START THE RECORDS

Lemma card_morphim_commg : #|commg_morphism @* K| = #|K : 'C_K[x]|.
Proof. by rewrite card_morphim setIid ker_commg_morphism. Qed.

Lemma morphim_commg_prime k :
  prime #|A| -> k \in K -> [~ k, x] != 1 -> commg_morphism @* K = A.
Proof.
move=> prA Kk ntkx.
exact: prime_subgroup_eq prA morphim_commg_sub (mem_morphim_commg Kk) ntkx.
Qed.

End CommgMorphism.

Lemma prime_index_sub_eq (gT : finGroupType) (H K G : {group gT}) :
  prime #|G : H| -> H \subset K -> K \subset G -> ~~ (K \subset H) -> K :=: G.
Proof.
move=> prGH sHK sKG nsKH; have sHG := subset_trans sHK sKG.
have /maxgroupP[_ maxH] := p_index_maximal sHG prGH.
apply/eqP; rewrite eqEsubset sKG /=; apply: contraR nsKH => nsGK.
by rewrite (maxH K) // properE sKG.
Qed.

Lemma mem_cosetpre_cent1 (gT : finGroupType) (H : {group gT}) g x :
  g \in 'N(H) -> x \in 'N(H) ->
  (g \in coset H @*^-1 'C[coset H x]) = ([~ g, x] \in H).
Proof.
move=> nHg nHx; apply/morphpreP/idP => [[_ /cent1P/commgP] | Hgx].
  by rewrite -morphR // => /eqP/coset_idr; apply; rewrite groupR.
by split=> //; apply/cent1P/commgP; rewrite -morphR //; apply/eqP/coset_id.
Qed.

Lemma mem_cent_der (gT : finGroupType) (G : {group gT}) y :
  y \in G -> {in G, forall g, [~ g, y] \in 'Z(G)} -> y \in 'C_G(G^`(1)).
Proof.
move=> Gy commGyZ.
have cGZ : G \subset 'C('Z(G)) by rewrite centsC subsetIr.
set f := commg_morphism commGyZ cGZ.
have abf : abelian (f @* G).
  exact: abelianS (morphim_commg_sub _ _) (center_abelian G).
have sG'ker : G^`(1) \subset 'ker f.
  by rewrite ker_trivg_morphim der_sub morphim_der // (derG1P abf) subxx.
rewrite inE Gy /= -sub_cent1; apply: subset_trans sG'ker _.
by rewrite ker_commg_morphism subsetIr.
Qed.

Section PrimeCentralDerived.

Variables (gT : finGroupType) (q : nat) (K : {group gT}).
Hypotheses (pr_q : prime q) (oK' : #|K^`(1)| = q) (sK'Z : K^`(1) \subset 'Z(K)).

Let cKK' : K \subset 'C(K^`(1)).
Proof. by rewrite centsC (subset_trans sK'Z) ?subsetIr. Qed.
(* Let $m,k$ be positive integers with $\gcd(k,m)=1$, $m$ odd and $m>k+2$. For $z\in\mathbb{F}_{2^k}$ define $f^{(z)}:\mathbb{F}_{2^m}\times\mathbb{F}_{2^m}\to\mathbb{F}_2$ by $f^{(z)}(x_1,x_2)={\rm Tr}_1^m(x_1x_2^{2^k+1})$ if ${\rm Tr}_1^k(z)=0$ and $f^{(z)}(x_1,x_2)={\rm Tr}_1^m(x_2x_1^{2^k+1})$ if ${\rm Tr}_1^k(z)=1$. Then $f:\mathbb{F}_{2^m}\times\mathbb{F}_{2^m}\times\mathbb{F}_{2^k}\times\mathbb{F}_{2^k}\to\mathbb{F}_2$, $f(x_1,x_2,y,z)=f^{(z)}(x_1,x_2)+{\rm Tr}_1^k(yz)$, is a GMM function that is not in the class $MM^{\#}$.
   Context: ${\rm Tr}_a^b$ denotes the trace from $\mathbb{F}_{2^b}$ to $\mathbb{F}_{2^a}$. A GMM (generalized Maiorana–McFarland) function is one of the form $f(x,y,z)=f^{(z)}(x)+{\rm Tr}_1^k(yz)$ on $W\times\mathbb{F}_{2^k}\times\mathbb{F}_{2^k}$ with every $f^{(z)}$ bent on $W$. Two Boolean functions $f,g$ on an $\mathbb{F}_2$-space $X$ are EA-equivalent if $g(x)=f(L(x)+a)+\langle c,x\rangle+b$ with $L$ a linear permutation of $X$, $a,c\in X$, $b\in\mathbb{F}_2$. The Maiorana–McFarland class on $\mathbb{F}_{2^N}\times\mathbb{F}_{2^N}$ consists of functions ${\rm Tr}_1^N(x\pi(y))+g(y)$ with $\pi$ a permutation of $\mathbb{F}_{2^N}$ and $g$ arbitrary; $MM^{\#}$ is the set of Boolean functions on a $2N$-dimensional $\mathbb{F}_2$-space EA-equivalent (after a linear identification with $\mathbb{F}_{2^N}^2$) to such a function. *)

From HB Require Import structures.
From mathcomp Require Import all_boot all_order all_algebra all_field.
Set Implicit Arguments. Unset Strict Implicit. Unset Printing Implicit Defensive.
Import Order.TTheory GRing.Theory Num.Theory.
Local Open Scope ring_scope.

(* Boolean functions take values in bool; addition in F_2 is xor (+). *)

(* Absolute trace Tr_1^n : F_{2^n} -> F_2, as an element of F
   (F is a field of order 2^n, so Tr_1^n x lies in the prime field). *)
Definition trace (F : finFieldType) (n : nat) (x : F) : F :=
  \sum_(i < n) x ^+ (2 ^ i).

(* The same trace, read as an element of F_2 = bool (Tr x = 1 <-> true). *)
Definition trb (F : finFieldType) (n : nat) (x : F) : bool := trace n x != 0.

Definition sgnb (b : bool) : int := (-1) ^+ b.

Definition walsh2 (F : finFieldType) (m : nat) (g : F * F -> bool) (a : F * F) : int :=
  \sum_(x : F * F) sgnb (g x (+) trb m (a.1 * x.1) (+) trb m (a.2 * x.2)).

Definition bent2 (F : finFieldType) (m : nat) (g : F * F -> bool) : Prop :=
  forall a : F * F, (walsh2 m g a) ^+ 2 = (2 ^ (2 * m))%:Z.

Definition isGMM (F K : finFieldType) (m k : nat) (f : (F * F) * K * K -> bool) : Prop :=
  exists fam : K -> (F * F -> bool),
    (forall z, bent2 m (fam z)) /\
    (forall (x : F * F) (y z : K), f (x, y, z) = fam z x (+) trb k (y * z)).

(* F_2-linear maps between F_2-spaces of characteristic 2 = additive maps. *)
Definition additive_map (U V : zmodType) (phi : U -> V) : Prop :=
  forall u v, phi (u + v) = phi u + phi v.

Definition MMfun (E : finFieldType) (N : nat) (pi : E -> E) (g : E -> bool)
  (u : E * E) : bool := trb N (u.1 * pi u.2) (+) g u.2.

(* MM^# : h on the F_2-space V belongs to MM^# (relative to the field E of
   order 2^N) if, after an F_2-linear identification psi : F_{2^N}^2 -> V,
   it is EA-equivalent to an MM function:
     MM(u) = h'(L u + a) + <c,u> + b,  h' = h o psi. *)
Definition MMsharp (V : zmodType) (E : finFieldType) (N : nat) (h : V -> bool) : Prop :=
  exists (psi : E * E -> V) (L : E * E -> E * E) (a c : E * E) (b : bool)
         (pi : E -> E) (g : E -> bool),
    [/\ additive_map psi /\ bijective psi, additive_map L /\ bijective L,
        bijective pi &
        forall u : E * E,
          MMfun N pi g u =
          h (psi (L u + a)) (+) (trb N (c.1 * u.1) (+) trb N (c.2 * u.2)) (+) b].

Definition fz (F K : finFieldType) (m k : nat) (z : K) (x : F * F) : bool :=
  if trb k z then trb m (x.2 * x.1 ^+ (2 ^ k + 1))
  else trb m (x.1 * x.2 ^+ (2 ^ k + 1)).

Definition fcor (F K : finFieldType) (m k : nat) (v : (F * F) * K * K) : bool :=
  let: (x, y, z) := v in fz m k z x (+) trb k (y * z).

(* The components f^(z) are, up to swapping the two variables, the
   Maiorana-McFarland functions Tr(x1 pi(x2)) for the Gold map
   pi(x) = x^(2^k+1), a permutation of F_(2^m) because gcd(2k, m) = 1; so they
   are bent and f is GMM.
   A function in MM^# on a space of dimension 2N has all its second derivatives
   zero along an N-dimensional subspace (the image of F_(2^N) x 0).  For f, a
   second derivative along directions with zero z-component is one of
   Tr(x1 x2^(2^k+1)) or of its swap, and it vanishes identically only if the
   x2-parts (resp. x1-parts) u, v of the directions satisfy u^(2^k) v = u v^(2^k),
   i.e. u = 0, v = 0 or u = v.  Hence such a subspace meets {z = 0} in at most
   4 * 2^k vectors, whereas its intersection with this codimension-k subspace has
   at least 2^m elements: impossible when m > k + 2. *)

From HB Require Import structures.
From mathcomp Require Import all_boot all_order all_algebra all_field.
From mathcomp Require Import ring zify.
Set Implicit Arguments. Unset Strict Implicit. Unset Printing Implicit Defensive.
Import Order.TTheory GRing.Theory Num.Theory.
Local Open Scope ring_scope.

Lemma trb0 (F : finFieldType) i : trb i (0 : F) = false.
Proof. by rewrite /trb /trace big1 ?eqxx // => j _; rewrite expr0n expn_eq0. Qed.

Lemma sgnb_addb (a b : bool) : sgnb (a (+) b) = sgnb a * sgnb b.
Proof. by case: a; case: b; rewrite /sgnb ?mulr1 ?mul1r ?mulrNN. Qed.

Lemma sgnb_sqr (b : bool) : sgnb b ^+ 2 = 1.
Proof. by case: b; rewrite /sgnb ?sqrrN expr1n. Qed.

Lemma expr2_id_eq01 (R : idomainType) (x : R) : x ^+ 2 = x -> (x == 0) || (x == 1).
Proof. by rewrite expr2 => /eqP; rewrite -subr_eq0 -{3}[x]mulr1 -mulrBr mulf_eq0 subr_eq0. Qed.

Section AbsoluteTrace.

Variables (F : finFieldType) (n : nat).
Hypothesis cardF : #|F| = (2 ^ n)%N.

Lemma pchar2_card : 2 \in [pchar F].
Proof. exact: card_finPcharP cardF _. Qed.

Lemma card_exponent_gt0 : (0 < n)%N.
Proof.
by case: n cardF => // /eqP; rewrite expn0 -(subnKC (finNzRing_gt1 F)).
Qed.

Lemma frobD i (x y : F) : (x + y) ^+ (2 ^ i) = x ^+ (2 ^ i) + y ^+ (2 ^ i).
Proof. by rewrite exprDn_pchar // pnatX (pnatE _ (isT : prime 2)) pchar2_card. Qed.

Lemma traceD i (x y : F) : trace i (x + y) = trace i x + trace i y.
Proof. by rewrite /trace -big_split; apply: eq_bigr => j _; rewrite frobD. Qed.

Lemma trace_sqr (x : F) : trace n x ^+ 2 = trace n x.
Proof.
have /prednK <- := card_exponent_gt0.
rewrite /trace -(pFrobenius_autE pchar2_card) rmorph_sum /=.
under eq_bigr => i _ do rewrite pFrobenius_autE -exprM -expnSr.
rewrite big_ord_recr big_ord_recl /= prednK ?card_exponent_gt0 // -cardF expf_card.
by rewrite addrC; congr (_ + _); apply: eq_bigr => i _.
Qed.

Lemma trace_eq01 (x : F) : (trace n x == 0) || (trace n x == 1).
Proof. exact/expr2_id_eq01/trace_sqr. Qed.

Lemma trbD (x y : F) : trb n (x + y) = trb n x (+) trb n y.
Proof.
rewrite /trb traceD.
have one2 : 1 + 1 = 0 :> F := addrr_pchar2 pchar2_card 1.
by case/orP: (trace_eq01 x) => /eqP ->; case/orP: (trace_eq01 y) => /eqP ->;
  rewrite ?addr0 ?add0r ?one2 ?eqxx ?oner_eq0.
Qed.

Lemma size_trace_poly i :
  size (\sum_(j < i.+1) 'X^(2 ^ j) : {poly F}) = (2 ^ i).+1.
Proof.
elim: i => [|i IH]; first by rewrite big_ord1 size_polyX.
rewrite big_ord_recr /= addrC size_polyDl size_polyXn // IH ltnS expnS.
by have := expn_gt0 2 i; lia.
Qed.

Lemma trace_neq0 : exists t : F, trb n t.
Proof.
apply/existsP; apply: contraT; rewrite negb_exists => /forallP trace0.
have /prednK n1 := card_exponent_gt0.
pose P : {poly F} := \sum_(j < n) 'X^(2 ^ j).
have sizeP : size P = (2 ^ n.-1).+1 by rewrite /P -n1 size_trace_poly.
have rootsP : all (root P) (enum F).
  apply/allP => x _; rewrite /root /P horner_sum.
  under eq_bigr => j _ do rewrite hornerXn.
  by have := trace0 x; rewrite /trb negbK.
have := max_poly_roots _ rootsP (enum_uniq F).
rewrite -size_poly_eq0 sizeP -cardE cardF -n1 expnS ltnS => /(_ isT).
by rewrite leqNgt mul2n -addnn -addn1 leq_add2l expn_gt0.
Qed.

Lemma trb_mul_eq0 (c : F) : (forall x, trb n (x * c) = false) -> c = 0.
Proof.
move=> trb0c; apply/eqP; apply: contraT => c0.
have [t trbt] := trace_neq0.
by have := trb0c (t / c); rewrite divfK // trbt.
Qed.

Lemma sum_sgnb_trb (c : F) :
  \sum_(x : F) sgnb (trb n (x * c)) = if c == 0 then (2 ^ n)%:Z else 0.
Proof.
have [->|c0] := eqVneq c 0.
  under eq_bigr => x _ do rewrite mulr0 trb0.
  by rewrite sumr_const cardF /sgnb expr0 -[RHS]natz pmulrn.
have [t trbt] := trace_neq0.
set S := \sum_(x : F) _.
have SN : S = - S.
  rewrite {1}/S (reindex_inj (addrI (t / c))) -sumrN /=.
  apply: eq_bigr => x _.
  by rewrite mulrDl divfK // trbD trbt sgnb_addb /sgnb mulN1r.
by move/eqP: SN; rewrite -subr_eq0 opprK -mulr2n -mulr_natr mulf_eq0 => /orP[/eqP|].
Qed.

End AbsoluteTrace.

Lemma frob_fixed_mul (R : pzSemiRingType) p a (w : R) :
  w ^+ (p ^ a) = w -> forall j, w ^+ (p ^ (a * j)) = w.
Proof.
move=> wa; elim=> [|j IH]; first by rewrite muln0 expn0 expr1.
by rewrite mulnS expnD exprM wa IH.
Qed.

Lemma frob_fixed_gcd (R : pzSemiRingType) p a b (w : R) : (0 < a)%N ->
  w ^+ (p ^ a) = w -> w ^+ (p ^ b) = w -> w ^+ (p ^ gcdn a b) = w.
Proof.
move=> a_gt0 wa wb; have [u v Bezout _] := egcdnP b a_gt0.
have := frob_fixed_mul wa u; rewrite mulnC Bezout expnD exprM.
by rewrite mulnC frob_fixed_mul.
Qed.

Section GoldPower.

Variables (F : finFieldType) (m : nat).
Hypothesis cardF : #|F| = (2 ^ m)%N.

Lemma frob_fixed_coprime k (w : F) :
  coprime k m -> w ^+ (2 ^ k) = w -> (w == 0) || (w == 1).
Proof.
move=> cop wk; apply: expr2_id_eq01.
have wm : w ^+ (2 ^ m) = w by rewrite -cardF expf_card.
have := frob_fixed_gcd (card_exponent_gt0 cardF) wm wk.
by rewrite gcdnC (eqP cop).
Qed.

Lemma frob_twist_eq k (u v : F) : coprime k m ->
  u ^+ (2 ^ k) * v = u * v ^+ (2 ^ k) -> [\/ u = 0, v = 0 | u = v].
Proof.
move=> cop uv.
have [->|u0] := eqVneq u 0; first exact: Or31.
have [->|v0] := eqVneq v 0; first exact: Or32.
apply: Or33; have vk0 : v ^+ (2 ^ k) != 0 by rewrite expf_neq0.
have : (u / v) ^+ (2 ^ k) = u / v.
  rewrite expr_div_n; apply: (mulIf vk0); apply: (mulIf v0).
  by rewrite divfK // uv mulrAC divfK.
case/(frob_fixed_coprime cop)/orP => /eqP.
  by move/eqP; rewrite mulf_eq0 invr_eq0 (negbTE u0) (negbTE v0).
by move/(congr1 ( *%R^~ v)); rewrite divfK // mul1r.
Qed.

END THE RECORDS

## WORK INSTRUCTIONS
Check each line above for the string "directions", then copy the ones that have it.

## SOLUTION
   second derivative along directions with zero z-component is one of
   x2-parts (resp. x1-parts) u, v of the directions satisfy u^(2^k) v = u v^(2^k),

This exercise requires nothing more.